- DVD cover art
- Directed by: William Lau
- Written by: Elise Allen
- Produced by: Anita Lee
- Starring: Morwenna Banks; Kathleen Barr; Kelly Sheridan;
- Edited by: Sylvain Blais
- Music by: Eric Colvin
- Production companies: Mattel Entertainment; Rainmaker Entertainment;
- Distributed by: Kidtoon Films (theatrical) Universal Studios Home Entertainment (DVD)
- Release date: November 4, 2008;
- Running time: 78 minutes
- Countries: Canada United States
- Language: English
- Box office: $4,453,567 (U.S. DVD sales)

= Barbie in a Christmas Carol =

Barbie in a Christmas Carol is a 2008 animated Christmas film directed by William Lau and written by Elise Allen. Produced by Rainmaker Entertainment, it was given a limited theatrical release by Kidtoon Films on November 1, 2008 and was later released to DVD 3 days later. It premiered on British and Irish television via its Nick Jr. regional variant on December 23, 2011. The 14th entry in the Barbie film series, it is based on Charles Dickens's 1843 novel and features the voice of Kelly Sheridan as Barbie, with Morwenna Banks as Eden Starling (a female version of Ebenezer Scrooge played by Barbie). It is the 2nd Christmas-themed Barbie film, following Barbie in the Nutcracker, despite being marketed as Barbie’s "First Holiday Movie" on the DVD cover.

==Plot==

Barbie tells the story to her little sister, Kelly, who is reluctant to go to a Christmas Eve charity ball instead of spending the holiday at home with their family.

Eden Starling is a glamorous, star soprano and owner of the Gads Hill Theatre in Victorian London, as well as an arrogant, self-centered diva with a deep hatred for Christmas. She is frequently accompanied by her snooty cat, Chuzzlewit. The theater's employees—a stage magician, Freddy (the film's version of Fred), twin ballerinas Ann and Nan, clown Maurice, and costume designer, Catherine Beadnell (the film's version of Bob Cratchit)—are reprimanded by Eden for their festive moods, and she declares that they are to work on Christmas Day, ruining their holiday plans. Catherine, who is Eden's childhood best friend, tries to convince her otherwise to no avail.
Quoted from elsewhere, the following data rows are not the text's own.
Lemma bf_chain_coherent n m p q : In p (chain n) -> In q (chain m) ->
  (fst p = fst q <-> snd p = snd q) /\ (RX (fst p) (fst q) <-> RY (snd p) (snd q)).
Proof.
  intros Hp Hq; destruct (proj2_sig (bf_chain g0 (n + m))) as [Heq Hrel].
  split; [apply Heq | apply Hrel];
    solve [ apply (bf_chain_mono n); [lia | assumption]
          | apply (bf_chain_mono m); [lia | assumption] ].
Qed.

Theorem back_and_forth : exists g : X -> Y,
  (exists h : Y -> X, (forall x, h (g x) = x) /\ (forall y, g (h y) = y)) /\
  (forall x x', RX x x' <-> RY (g x) (g x')) /\
  (forall p, In p (proj1_sig g0) -> g (fst p) = snd p).
Proof.
  assert (Hdom : forall x, exists y n, In (x, y) (chain n))
    by (intros x; destruct (bf_chain_dom x); eauto).
  assert (Hrng : forall y, exists x n, In (x, y) (chain n))
    by (intros y; destruct (bf_chain_rng y); eauto).
  destruct (choice _ Hdom) as [g Hg], (choice _ Hrng) as [h Hh].
  exists g; split; [exists h; split | split].
  - intros x; destruct (Hg x) as [n Hn], (Hh (g x)) as [m Hm].
    symmetry; apply (bf_chain_coherent _ _ _ _ Hn Hm); reflexivity.
  - intros y; destruct (Hh y) as [n Hn], (Hg (h y)) as [m Hm].
    symmetry; apply (bf_chain_coherent _ _ _ _ Hn Hm); reflexivity.
  - intros x x'; destruct (Hg x) as [n Hn], (Hg x') as [m Hm].
    apply (bf_chain_coherent _ _ _ _ Hn Hm).
  - intros p Hp; destruct (Hg (fst p)) as [n Hn].
    apply (bf_chain_coherent n 0 _ _ Hn Hp); reflexivity.
Qed.
End BackAndForth.

(** * One-point extension *)

(* [arrR_dbl] applied at both ends of an arrow-preserving pair, with the colours compared
   across the pair rather than within each side. *)
Lemma sign_rule_transfer (u1 u2 v1 v2 : R) (c1 c2 d1 d2 : bool) :
  u1 <> u2 -> v1 <> v2 ->
  ((u2 < u1 <-> c1 = c2) <-> (v2 < v1 <-> d1 = d2)) ->
  (v1 < v2 <-> (u1 < u2 <-> eqb c1 d1 = eqb c2 d2)).
Proof.
  intros Hu Hv.
  destruct (Rlt_dec u1 u2); [assert (~ u2 < u1) by lra | assert (u2 < u1) by lra];
  (destruct (Rlt_dec v1 v2); [assert (~ v2 < v1) by lra | assert (v2 < v1) by lra]);
  destruct c1, c2, d1, d2; simpl; firstorder congruence.
Qed.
That night, Eden is visited by the ghost of her late Aunt Marie (the film's version of Jacob Marley), bound by the chains forged from her misdeeds in life. Marie warns Eden that her actions are leading her down the same path and suffer in the afterlife as she does. She tells Eden that she will be visited by three spirits in an attempt to help her change her ways over the course of three nights.

Eden is first visited by the cheerful Spirit of Christmas Past, who takes Eden back in time to her childhood. As a young girl, Eden was forced to study music under the domineering Aunt Marie with little rest. Eden secretly sneaks out of the house to celebrate Christmas with Catherine and her family, only to be interrupted by the arrival of an enraged Marie, spoiling the festivities. After the incident, Eden was forbidden from celebrating Christmas and Marie further instilled her self-centered views into her niece.
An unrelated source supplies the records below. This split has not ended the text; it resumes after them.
(* Let $w_1=a$, $w_2=b$, $w_3=ba$, $w_4=baabbaa$, and $w_n = b\cdot\mathit{TM}_{2n-8}\cdot\overline{\mathit{TM}_{2n-6}}\cdot\overline{\mathit{TM}_{2n-6}}'$ for $n\ge 5$. Then: (1) the infinite concatenation $w_1w_2w_3\cdots$ equals the infinite Thue–Morse word $\mathcal{TM}$, i.e. $\mathcal{TM}=\lim_{n\to\infty} w_1\cdots w_n$; (2) $w_n\preceq w_{n+1}$ for every $n\ge1$; (3) $w_n$ is a Nyldon word for every $n\ge 1$. In particular, $\mathcal{TM}$ admits a factorization into an infinite lexicographically non-decreasing sequence of Nyldon words.
   Context: Strings are over the binary alphabet $\{a,b\}$ ordered by $a \prec b$, and $\prec$ also denotes the induced lexicographic order on strings: $x \prec y$ iff $x$ is a proper prefix of $y$, or there is $i$ with $x[1..i-1]=y[1..i-1]$ and $x[i]\prec y[i]$; $x\preceq y$ means $x\prec y$ or $x=y$. Nyldon words are defined recursively: every string of length $1$ is a Nyldon word; a string $w$ with $|w|\ge 2$ is a Nyldon word iff there is no factorization $w=\gamma_1\cdots\gamma_m$ with $m\ge 2$, each $\gamma_i$ a nonempty Nyldon word, and $\gamma_1\preceq\gamma_2\preceq\cdots\preceq\gamma_m$. For a binary string $w$, $\overline{w}$ is obtained by exchanging $a$ and $b$ letterwise, and $w'$ is $w$ with its last letter removed; $\overline{w}'$ means $(\overline{w})'$. Thue–Morse words: $\mathit{TM}_0=a$ and $\mathit{TM}_k=\mathit{TM}_{k-1}\cdot\overline{\mathit{TM}_{k-1}}$ for $k\ge1$; the infinite Thue–Morse word is $\mathcal{TM}=\lim_{k\to\infty}\mathit{TM}_k$ (each $\mathit{TM}_k$ is a prefix of $\mathit{TM}_{k+1}$). *)

From mathcomp Require Import all_boot.
Set Implicit Arguments. Unset Strict Implicit. Unset Printing Implicit Defensive.

Notation word := (seq bool).
Notation la := false.
Notation lb := true.

Fixpoint lexlt (x y : word) : bool :=
  match x, y with
  | [::], _ :: _ => true
  | _, [::] => false
  | c :: x', d :: y' => (~~ c && d) || ((c == d) && lexlt x' y')
  end.

Definition lexle (x y : word) : bool := lexlt x y || (x == y).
Eden is visited next by the jolly Spirit of Christmas Present, who takes Eden to the theater where she learns of the other performers' disdain for her stinginess. The Spirit then shows Eden that Catherine is visiting a local orphanage. Catherine generously gifts them clothes and is particularly close to a crippled orphan named Tammy (the film's version of Tiny Tim). Eden's heart softens after witnessing the scene but becomes concerned when the owner tells Catherine that the orphanage will likely be closed due to a lack of funding.
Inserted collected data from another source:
(* Let $X$ be a proper $\mathrm{CAT}(0)$ space, and let $G$ be a group acting by isometries on $X$. Let $(g_n)_{n\in\mathbb N}$ be a sequence in $G$ that escapes every compact subspace of $X$. Then there exist a subsequence $(g_{\sigma(n)})_{n\in\mathbb N}$ and points $\xi^-,\xi^+\in\partial_\infty X$ such that for every $\xi\in(\partial_\infty X)^{\mathrm{vis}}\setminus\{\xi^-\}$, the sequence $(g_{\sigma(n)}\xi)_{n\in\mathbb N}$ converges to $\xi^+$.
   Context: $\partial_\infty X$ is the visual boundary with the visual topology. $(\partial_\infty X)^{\mathrm{vis}}$ is the set of visibility points: points $\xi\in\partial_\infty X$ such that every $\eta\in\partial_\infty X$ with $\eta\neq\xi$ can be joined to $\xi$ by a geodesic line in $X$. A sequence $(g_n)$ escapes every compact subspace of $X$ if for some (equivalently any) $x\in X$, $(g_nx)$ eventually leaves every compact subset of $X$. *)

From Stdlib Require Import Reals Lra.
Open Scope R_scope.

Definition is_metric {X : Type} (d : X -> X -> R) : Prop :=
  (forall x y, d x y = 0 <-> x = y) /\
  (forall x y, d x y = d y x) /\
  (forall x y z, d x z <= d x y + d y z).

Definition mopen {X : Type} (d : X -> X -> R) (U : X -> Prop) : Prop :=
  forall x, U x -> exists r, 0 < r /\ forall y, d x y < r -> U y.

Definition mcompact {X : Type} (d : X -> X -> R) (K : X -> Prop) : Prop :=
  forall (I : Type) (U : I -> X -> Prop),
    (forall i, mopen d (U i)) ->
    (forall x, K x -> exists i, U i x) ->
    exists l : list I, forall x, K x -> exists i, List.In i l /\ U i x.

Definition proper_space {X : Type} (d : X -> X -> R) : Prop :=
  forall x r, mcompact d (fun y => d x y <= r).

Definition geod_seg {X : Type} (d : X -> X -> R) (c : R -> X) (p q : X) : Prop :=
  c 0 = p /\ c (d p q) = q /\
  forall s t, 0 <= s <= d p q -> 0 <= t <= d p q -> d (c s) (c t) = Rabs (s - t).

Definition geodesic_space {X : Type} (d : X -> X -> R) : Prop :=
  forall p q, exists c, geod_seg d c p q.

Definition E2 := (R * R)%type.
Definition dE (P Q : E2) : R :=
  sqrt ((fst P - fst Q)^2 + (snd P - snd Q)^2).
(* The point of the Euclidean segment [P,Q] at distance s from P,
   where a = |P - Q| (if a = 0 this is P). *)
Definition segE (P Q : E2) (a s : R) : E2 :=
  (fst P + (s / a) * (fst Q - fst P), snd P + (s / a) * (snd Q - snd P)).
Finally, Eden is visited by the mysterious yet kindly Spirit of Christmas Future. Eden is shocked to find her future self living in poverty. The Spirit explains that Eden had fired her employees, including Catherine, after they'd shown up late to work one Christmas. Afterwards, the acts hired by Eden to replace them failed to impress the audience, leading Eden to lose her fame and fortune. Eden then visits Catherine, who is now an accomplished fashion designer, at her new store for help. Catherine explains that after Eden fired her, she left the country to find work. Returning months later, her business was financially stable and ready to adopt Tammy, but Catherine was dismayed to find the orphanage had closed with the children, including Tammy, gone. Since that day, Catherine has become disillusioned with Christmas while focusing only on advancing her career, even adopting Eden's outlook on life and treating her workers cruelly. Catherine then refuses to aid the impoverished Eden and throws her out of her shop.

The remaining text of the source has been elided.